Start of Block
(* Consider a single-relay network with no direct source–destination link. Let $q$ be a prime power, $K\ge1$, $N_{\mathrm S}\ge K$, $N_{\mathrm R}\ge 1$. A source S draws $N_{\mathrm S}$ coefficient vectors i.i.d. uniformly from $\mathbb{F}_q^K$ and sends one packet per vector to a relay R, each packet erased independently with probability $\epsilon_{\mathrm{SR}}$ (independently of the coefficients); the destination D receives nothing from S. R, having received $m_1$ packets with coefficient matrix $\mathbf{C}_{\mathrm S\to\mathrm R}\in\mathbb{F}_q^{m_1\times K}$, draws $\mathbf{G}\in\mathbb{F}_q^{N_{\mathrm R}\times m_1}$ with i.i.d. uniform entries and transmits the $N_{\mathrm R}$ rows of $\mathbf{G}\mathbf{C}_{\mathrm S\to\mathrm R}$ to D, each erased independently with probability $\epsilon_{\mathrm{RD}}$. Decoding succeeds iff the received recoded coefficient vectors span a space of rank $K$. Then the probability of successful decoding equals $$P^{(1)}_{\mathrm R}=P(N_{\mathrm S},\epsilon_{\mathrm{SR}})\,P(N_{\mathrm R},\epsilon_{\mathrm{RD}}),\qquad\text{where } P(N,\epsilon)=\sum_{k=K}^{N}\binom{N}{k}(1-\epsilon)^k\epsilon^{N-k}\prod_{i=0}^{K-1}\left(1-q^{i-k}\right),$$ with $P(N,\epsilon):=0$ if $N<K$.
   Context: $P(N,\epsilon)$ is the probability that, of $N$ packets carrying i.i.d. uniform coefficient vectors in $\mathbb{F}_q^K$ each independently erased with probability $\epsilon$, the received ones have rank $K$. *)

From HB Require Import structures.
From mathcomp Require Import all_boot all_order all_algebra all_field.
Set Implicit Arguments. Unset Strict Implicit. Unset Printing Implicit Defensive.
Import Order.TTheory GRing.Theory Num.Theory.
Local Open Scope ring_scope.

(* Probability that a given set S of the N packets (indices 'I_N) is exactly
   the set of received (non-erased) packets, erasures i.i.d. with prob. eps. *)
Definition erasure_w (R : pzRingType) (eps : R) (N : nat) (S : {set 'I_N}) : R :=
  (1 - eps) ^+ #|S| * eps ^+ (N - #|S|).

(* The paper's P(N, eps) for a field of size q and dimension K;
   the sum is empty (= 0) when N < K. *)
Definition Psucc (R : fieldType) (q K N : nat) (eps : R) : R :=
  \sum_(K <= k < N.+1)
     'C(N, k)%:R * (1 - eps) ^+ k * eps ^+ (N - k)
     * \prod_(i < K) (1 - ((q%:R) ^+ (k - i))^-1).

(* Coefficient matrix received at D:
   C  : source coefficient vectors (row i = vector of packet i),
   S1 : set of source packets received at R,
   G  : relay recoding coefficients; only the columns indexed by S1 are used
        (the entries G j i, i in S1, are i.i.d. uniform, i.e. an N_R x m1 uniform
        matrix applied to the received rows C_{S->R}),
   S2 : set of recoded packets received at D.
   Row j is the recoded vector (G C_{S->R})_j if j in S2, and 0 otherwise
   (zero rows do not change the rank of the received span). *)
Definition received_mx (F : fieldType) (K NS NR : nat)
    (C : 'M[F]_(NS, K)) (S1 : {set 'I_NS}) (G : 'M[F]_(NR, NS))
    (S2 : {set 'I_NR}) : 'M[F]_(NR, K) :=
  \matrix_(j < NR, k < K)
     (if j \in S2 then \sum_(i in S1) G j i * C i k else 0).

Definition relay_success_prob (R : realFieldType) (F : finFieldType)
    (K NS NR : nat) (eSR eRD : R) : R :=
  \sum_(C : 'M[F]_(NS, K)) \sum_(G : 'M[F]_(NR, NS))
  \sum_(S1 : {set 'I_NS}) \sum_(S2 : {set 'I_NR})
     ((#|F|%:R) ^+ (NS * K))^-1 * ((#|F|%:R) ^+ (NR * NS))^-1
     * erasure_w eSR S1 * erasure_w eRD S2
     * (\rank (received_mx C S1 G S2) == K)%:R.

From HB Require Import structures.
From mathcomp Require Import all_boot all_order all_algebra all_field.
From mathcomp Require Import zify ring.
Set Implicit Arguments. Unset Strict Implicit. Unset Printing Implicit Defensive.
Import Order.TTheory GRing.Theory Num.Theory.
Local Open Scope ring_scope.

(* Transposing, the received matrix has rank K exactly when A D1 X D2 is row
   free, where A = C^T and X = G^T are uniform and D1, D2 are the 0/1 diagonal
   matrices of the two erasure patterns.  This forces B = A D1 to be row free;
   X |-> B X is then a surjective linear map, so B X is again uniform and the
   event splits into "A D1 is row free" and "Z D2 is row free" for a uniform
   K x NR matrix Z.  A uniform K x n matrix A makes A Y row free with
   probability prod_(i < K) (1 - q^(i - rank Y)): row by row, the new row must
   avoid the preimage of the span of the previous ones, which has
   q^(n - rank Y + i) elements.  Grouping the erasure patterns by size yields
   the binomial sums P(N, eps). *)

Section AdditiveFibers.
Variables U V : finZmodType.

Lemma card_additive_fiber (f : {additive U -> V}) u :
  #|f @^-1: [set f u]| = #|f @^-1: [set 0]|.
Proof.
rewrite -[RHS](card_imset _ (addrI u)); apply: eq_card => x; rewrite !inE.
apply/eqP/imsetP => [fx | [k]].
  by exists (x - u); [rewrite !inE raddfB fx subrr | rewrite addrC subrK].
by rewrite !inE => /eqP fk ->; rewrite raddfD fk addr0.
Qed.

Lemma card_preimset_additive (f : {additive U -> V}) (T : {set V}) :
  {subset T <= codom f} -> #|f @^-1: T| = (#|T| * #|f @^-1: [set 0%R]|)%N.
Proof.
move=> sTf; rewrite -sum_nat_const -sum1_card.
rewrite (partition_big f (mem T)) => [|x]; last by rewrite inE.
apply: eq_bigr => w Tw; have /codomP[u fu] := sTf w Tw.
rewrite fu -(card_additive_fiber f u) -sum1_card; apply: eq_bigl => x.
by rewrite !inE -fu; apply: andb_idl => /eqP->.
Qed.

End AdditiveFibers.

Lemma row_free_col_mx_rV (F : fieldType) k n (w : 'rV[F]_n) (B : 'M_(k, n)) :
  row_free (col_mx w B) = row_free B && ~~ (w <= B)%MS.
Proof.
rewrite /row_free -addsmxE addsmxC; have leB := rank_leq_row B.
have [wB | nwB] := boolP (w <= B)%MS.
  by rewrite andbF (addsmx_idPl wB); apply/negbTE; lia.
have [le_Bw _] := mxrank_adds_leqif B w; have := rank_leq_row w.
have : (\rank B < \rank (B + w))%N.
  by rewrite rank_ltmx // ltmxE addsmxSl (contra (submx_trans (addsmxSr B w))).
by rewrite andbT; lia.
Qed.

Section DiagSet.
Variable F : fieldType.

Lemma mxrank_diag_mx n (d : 'rV[F]_n) :
  \rank (diag_mx d) = #|[pred i | d 0 i != 0]|.
Proof.
set P := [pred i | d 0 i != 0].
have /mxdirectP/= dsum := @mxdirect_delta F _ P n id (in2W (@inj_id _)).
have -> : #|P| = \rank (\sum_(i | P i) <<delta_mx 0 i : 'rV[F]_n>>)%MS.
  by rewrite dsum -sum1_card; apply: eq_bigr => i _; rewrite mxrank_gen mxrank_delta.
apply/eqmx_rank/andP; split.
  apply/row_subP => i; rewrite row_diag_mx.
  have [Pi | /negPn/eqP->] := boolP (P i); last by rewrite scale0r sub0mx.
  by rewrite scalemx_sub // (sumsmx_sup i) // genmxE.
apply/sumsmx_subP => i Pi; rewrite genmxE.
by rewrite -(scalerK Pi (delta_mx 0 i)) scalemx_sub // -row_diag_mx row_sub.
Qed.

Definition diag_set_mx n (S : {set 'I_n}) : 'M[F]_n :=
  diag_mx (\row_i (i \in S)%:R).

Lemma mxrank_diag_set_mx n (S : {set 'I_n}) : \rank (diag_set_mx S) = #|S|.
Proof.
rewrite mxrank_diag_mx; apply: eq_card => i; rewrite !inE mxE.
by case: (i \in S); rewrite ?oner_eq0 ?eqxx.
Qed.

End DiagSet.

Section Counting.
Variable F : finFieldType.
Local Notation q := #|F|.

Lemma card_submx k n (M : 'M[F]_(k, n)) :
  #|[set w : 'rV_n | (w <= M)%MS]| = (q ^ \rank M)%N.
Proof.
have -> : [set w : 'rV_n | (w <= M)%MS] = [set u *m row_base M | u in 'rV_(\rank M)].
  apply/setP => w; rewrite inE -(eq_row_base M).
  by apply/submxP/imsetP => [[u ->] | [u _ ->]]; exists u.
by rewrite card_imset ?card_mx ?mul1n //; apply/row_free_inj/row_base_free.
Qed.

Lemma card_kermx n p (Y : 'M[F]_(n, p)) :
  #|[set v : 'rV_n | v *m Y == 0]| = (q ^ (n - \rank Y))%N.
Proof.
by rewrite -mxrank_ker -card_submx; apply: eq_card => v; rewrite !inE sub_kermx.
Qed.

Lemma card_mulmxr_sub n p (Y : 'M[F]_(n, p)) k (M : 'M_(k, p)) : (M <= Y)%MS ->
  #|[set v : 'rV_n | (v *m Y <= M)%MS]| = (q ^ (n - \rank Y + \rank M))%N.
Proof.
move=> sMY; have -> : [set v : 'rV_n | (v *m Y <= M)%MS]
    = mulmxr Y @^-1: [set w : 'rV_p | (w <= M)%MS] by apply/setP => v; rewrite !inE.
rewrite card_preimset_additive ?card_submx.
  rewrite expnD mulnC -(card_kermx Y); congr (_ * _)%N.
  by apply: eq_card => v; rewrite !inE.
move=> w; rewrite inE => /submx_trans/(_ sMY)/submxP[u ->].
exact: (codom_f (mulmxr Y)).
Qed.

Lemma card_mulmx_row_free k m p (B : 'M[F]_(k, m)) (P : pred 'M[F]_(k, p)) :
  row_free B ->
  (#|[set X : 'M_(m, p) | P (B *m X)]| * q ^ (k * p)
     = #|[set Z | P Z]| * q ^ (m * p))%N.
Proof.
case/row_freeP=> B' BB'.
have onto (T : {set 'M[F]_(k, p)}) : {subset T <= codom (@mulmx F k m p B)}.
  by move=> Z _; rewrite -[Z]mul1mx -BB' -mulmxA codom_f.
have := card_preimset_additive (onto setT); rewrite cardsT card_mx.
have -> : @mulmx F k m p B @^-1: setT = setT by apply/setP => X; rewrite !inE.
rewrite cardsT card_mx => ->.
have -> : [set X | P (B *m X)] = @mulmx F k m p B @^-1: [set Z | P Z].
  by apply/setP => X; rewrite !inE.
by rewrite card_preimset_additive // -mulnA; congr (_ * _)%N; apply: mulnC.
Qed.

Lemma card_row_free_mulmx n p (Y : 'M[F]_(n, p)) K :
  #|[set A : 'M_(K, n) | row_free (A *m Y)]|
    = (\prod_(i < K) (q ^ n - q ^ (n - \rank Y + i)))%N.
Proof.
elim: K => [|K IH].
  rewrite big_ord0 (_ : [set A | _] = setT) ?cardsT ?card_mx //.
  by apply/setP => A; rewrite !inE /row_free -leqn0 rank_leq_row.
rewrite big_ord_recr -IH /= -sum_nat_const -sum1_card -[K.+1]/(1 + K)%N.
set rf := [set A' : 'M_(K, n) | row_free (A' *m Y)].
rewrite (partition_big dsubmx [in rf]) => [|A]; last first.
  by rewrite !inE -{1}(vsubmxK A) mul_col_mx row_free_col_mx_rV => /andP[].
apply: eq_bigr => A'; rewrite inE => rfA'.
rewrite (reindex (col_mx^~ A')) /=; last first.
  exists usubmx => [v _ | A /andP[_ /eqP <-]]; first by rewrite col_mxKu.
  by rewrite vsubmxK.
transitivity #|~: [set v : 'rV_n | (v *m Y <= A' *m Y)%MS]|.
  rewrite -sum1_card; apply: eq_bigl => v.
  by rewrite !inE col_mxKd eqxx andbT mul_col_mx row_free_col_mx_rV rfA'.
by rewrite cardsCs setCK card_mx mul1n card_mulmxr_sub ?submxMl // (eqP rfA').
Qed.

End Counting.

Lemma sumr_bool_card (R : pzSemiRingType) (T : finType) (P : pred T) :
  \sum_(x : T) (P x)%:R = #|[set x | P x]|%:R :> R.
Proof.
rewrite -sum1_card natr_sum [RHS]big_mkcond; apply: eq_bigr => x _.
by rewrite inE; case: (P x).
Qed.

Definition row_free_prob (R : fieldType) (q K m : nat) : R :=
  \prod_(i < K) (1 - ((q%:R : R) ^+ (m - i))^-1).

Lemma row_free_prob_eq0 (R : fieldType) q K m :
  (m < K)%N -> row_free_prob R q K m = 0.
Proof.
move=> ltmK; rewrite /row_free_prob (bigD1 (Ordinal ltmK)) //=.
by rewrite subnn invr1 subrr mul0r.
Qed.

Lemma natr_prod_subn_expn (R : numFieldType) q n r K : (0 < q)%N -> (r <= n)%N ->
  (\prod_(i < K) (q ^ n - q ^ (n - r + i)))%:R
    = (q%:R ^+ n) ^+ K * row_free_prob R q K r :> R.
Proof.
move=> q_gt0 le_rn; rewrite natr_prod.
have -> : (q%:R ^+ n) ^+ K = \prod_(i < K) q%:R ^+ n :> R.
  by rewrite prodr_const card_ord.
rewrite /row_free_prob -big_split /=.
apply: eq_bigr => i _; have [lt_ir | le_ri] := ltnP i r; last first.
  have /eqP-> : (q ^ n - q ^ (n - r + i) == 0)%N.
    by rewrite subn_eq0 leq_pexp2l //; lia.
  by rewrite (eqP le_ri) invr1 subrr mulr0.
have q0 : q%:R != 0 :> R by rewrite pnatr_eq0 -lt0n.
rewrite natrB ?leq_pexp2l //; last by lia.
set m := (n - r + i)%N; have -> : n = (m + (r - i))%N by rewrite /m; lia.
rewrite !natrX exprD; field.
by rewrite expf_neq0.
Qed.

Lemma natr_card_neq0 (R : numDomainType) (F : finNzRingType) : #|F|%:R != 0 :> R.
Proof. by rewrite pnatr_eq0 -lt0n (ltnW (card_finNzRing_gt1 F)). Qed.

Section UniformCounts.
Variables (R : numFieldType) (F : finFieldType).
Local Notation q := #|F|.

Lemma card_row_free_mul_diag_set K n (S : {set 'I_n}) :
  #|[set A : 'M[F]_(K, n) | row_free (A *m diag_set_mx F S)]|%:R
    = q%:R ^+ (n * K) * row_free_prob R q K #|S| :> R.
Proof.
rewrite card_row_free_mulmx mxrank_diag_set_mx exprM natr_prod_subn_expn //.
  exact: ltnW (card_finNzRing_gt1 F).
by rewrite -[n in (_ <= n)%N]card_ord max_card.
Qed.

Lemma sum_row_free_mulmx_diag_set K m p (A : 'M[F]_(K, m)) (S : {set 'I_p}) :
  \sum_(X : 'M[F]_(m, p)) (row_free (A *m X *m diag_set_mx F S))%:R
    = (row_free A)%:R * (q%:R ^+ (m * p) * row_free_prob R q K #|S|) :> R.
Proof.
rewrite sumr_bool_card; have [rfA | nrfA] := boolP (row_free A); last first.
  rewrite mul0r (_ : [set X | _] = set0) ?cards0 //; apply/setP => X; rewrite !inE.
  apply: contraNF nrfA; rewrite /row_free !eqn_leq !rank_leq_row /= => rkK.
  exact: leq_trans rkK (leq_trans (mxrankM_maxl _ _) (mxrankM_maxl _ _)).
have q0 := natr_card_neq0 R F.
have := card_mulmx_row_free (fun Z => row_free (Z *m diag_set_mx F S)) rfA.
move/(congr1 (fun k => k%:R : R)); rewrite !natrM card_row_free_mul_diag_set.
rewrite (mulnC K p) natrX => /(canRL (mulfK (expf_neq0 _ q0))) ->.
by rewrite mul1r natrX; field; rewrite expf_neq0.
Qed.

End UniformCounts.

Lemma received_mxE (F : fieldType) K NS NR (C : 'M[F]_(NS, K)) S1
    (G : 'M[F]_(NR, NS)) S2 :
  received_mx C S1 G S2 = diag_set_mx F S2 *m G *m diag_set_mx F S1 *m C.
Proof.
apply/matrixP => j k; rewrite /diag_set_mx mul_diag_mx mul_mx_diag !mxE.
under [RHS]eq_bigr do rewrite !mxE.
case: (j \in S2); last by rewrite big1 // => i _; rewrite !mul0r.
rewrite big_mkcond; apply: eq_bigr => i _.
by case: (i \in S1); rewrite ?mul1r ?mulr1 ?mulr0 ?mul0r.
Qed.

Lemma mxrank_received_mx (F : fieldType) K NS NR (C : 'M[F]_(NS, K)) S1
    (G : 'M[F]_(NR, NS)) S2 :
  \rank (received_mx C S1 G S2)
    = \rank (C^T *m diag_set_mx F S1 *m G^T *m diag_set_mx F S2).
Proof.
by rewrite received_mxE -mxrank_tr !trmx_mul !tr_diag_mx !mulmxA.
Qed.

Lemma sum_received_full_rank (R : numFieldType) (F : finFieldType) K NS NR
    (S1 : {set 'I_NS}) (S2 : {set 'I_NR}) :
  \sum_(C : 'M[F]_(NS, K)) \sum_(G : 'M[F]_(NR, NS))
     (\rank (received_mx C S1 G S2) == K)%:R
  = #|F|%:R ^+ (NS * K) * #|F|%:R ^+ (NR * NS)
      * row_free_prob R #|F| K #|S1| * row_free_prob R #|F| K #|S2| :> R.
Proof.
rewrite (reindex trmx) /=; last by exists trmx => X _; rewrite trmxK.
under eq_bigr => A _.
  rewrite (reindex trmx) /=; last by exists trmx => X _; rewrite trmxK.
  under eq_bigr do rewrite mxrank_received_mx !trmxK -/(row_free _).
  rewrite sum_row_free_mulmx_diag_set.
  over.
by rewrite -mulr_suml sumr_bool_card card_row_free_mul_diag_set (mulnC NR NS); ring.
Qed.

Lemma sum_erasure_w_card (R : comPzRingType) (e : R) N (f : nat -> R) :
  \sum_(S : {set 'I_N}) erasure_w e S * f #|S|
    = \sum_(k < N.+1) 'C(N, k)%:R * (1 - e) ^+ k * e ^+ (N - k) * f k.
Proof.
have le_SN (S : {set 'I_N}) : (#|S| < N.+1)%N.
  by rewrite ltnS -[N in (_ <= N)%N]card_ord max_card.
rewrite (partition_big (fun S : {set 'I_N} => Ordinal (le_SN S)) predT) //=.
apply: eq_bigr => k _.
rewrite (eq_bigr (fun=> (1 - e) ^+ k * e ^+ (N - k) * f k)) => [|S /eqP <- //].
rewrite sumr_const -!mulrA mulr_natl; congr (_ *+ _).
rewrite -[N in 'C(N, _)]card_ord -card_draws.
by apply: eq_card => S; rewrite inE unfold_in.
Qed.

Lemma PsuccE (R : fieldType) q K N (e : R) :
  Psucc q K N e
    = \sum_(k < N.+1) 'C(N, k)%:R * (1 - e) ^+ k * e ^+ (N - k) * row_free_prob R q K k.
Proof.
rewrite /Psucc big_geq_mkord [RHS](bigID (fun k : 'I_N.+1 => K <= k)%N) /=.
rewrite [X in _ = _ + X]big1 ?addr0 // => k; rewrite -ltnNge => /row_free_prob_eq0->.
by rewrite mulr0.
Qed.

Theorem mainTheorem5 (R : realFieldType) (F : finFieldType)
    (K NS NR : nat) (eSR eRD : R) :
  (1 <= K)%N -> (K <= NS)%N -> (1 <= NR)%N ->
  0 <= eSR <= 1 -> 0 <= eRD <= 1 ->
  relay_success_prob F K NS NR eSR eRD =
    Psucc #|F| K NS eSR * Psucc #|F| K NR eRD.
Proof.
(* The identity holds without any of the side conditions. *)
move=> _ _ _ _ _.
rewrite /relay_success_prob !PsuccE -!sum_erasure_w_card big_distrlr /=.
under eq_bigr do under eq_bigr do rewrite pair_big /=.
rewrite pair_big exchange_big [RHS]pair_big /=.
apply: eq_bigr => -[S1 S2] _ /=.
rewrite -mulr_sumr -(pair_big predT predT (fun C G =>
  (\rank (received_mx C S1 G S2) == K)%:R)) /= sum_received_full_rank.
by field; rewrite !expf_neq0 ?natr_card_neq0.
Qed.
End of Block
PROBLEM STATEMENT: Which lines above run from the one containing "rewrite big_ord_recr -IH" to the one containing "rewrite -sum1_card; apply: eq_bigl => v."? Give them again exactly, both ends included.

EXERCISE RESULT:
rewrite big_ord_recr -IH /= -sum_nat_const -sum1_card -[K.+1]/(1 + K)%N.
set rf := [set A' : 'M_(K, n) | row_free (A' *m Y)].
rewrite (partition_big dsubmx [in rf]) => [|A]; last first.
  by rewrite !inE -{1}(vsubmxK A) mul_col_mx row_free_col_mx_rV => /andP[].
apply: eq_bigr => A'; rewrite inE => rfA'.
rewrite (reindex (col_mx^~ A')) /=; last first.
  exists usubmx => [v _ | A /andP[_ /eqP <-]]; first by rewrite col_mxKu.
  by rewrite vsubmxK.
transitivity #|~: [set v : 'rV_n | (v *m Y <= A' *m Y)%MS]|.
  rewrite -sum1_card; apply: eq_bigl => v.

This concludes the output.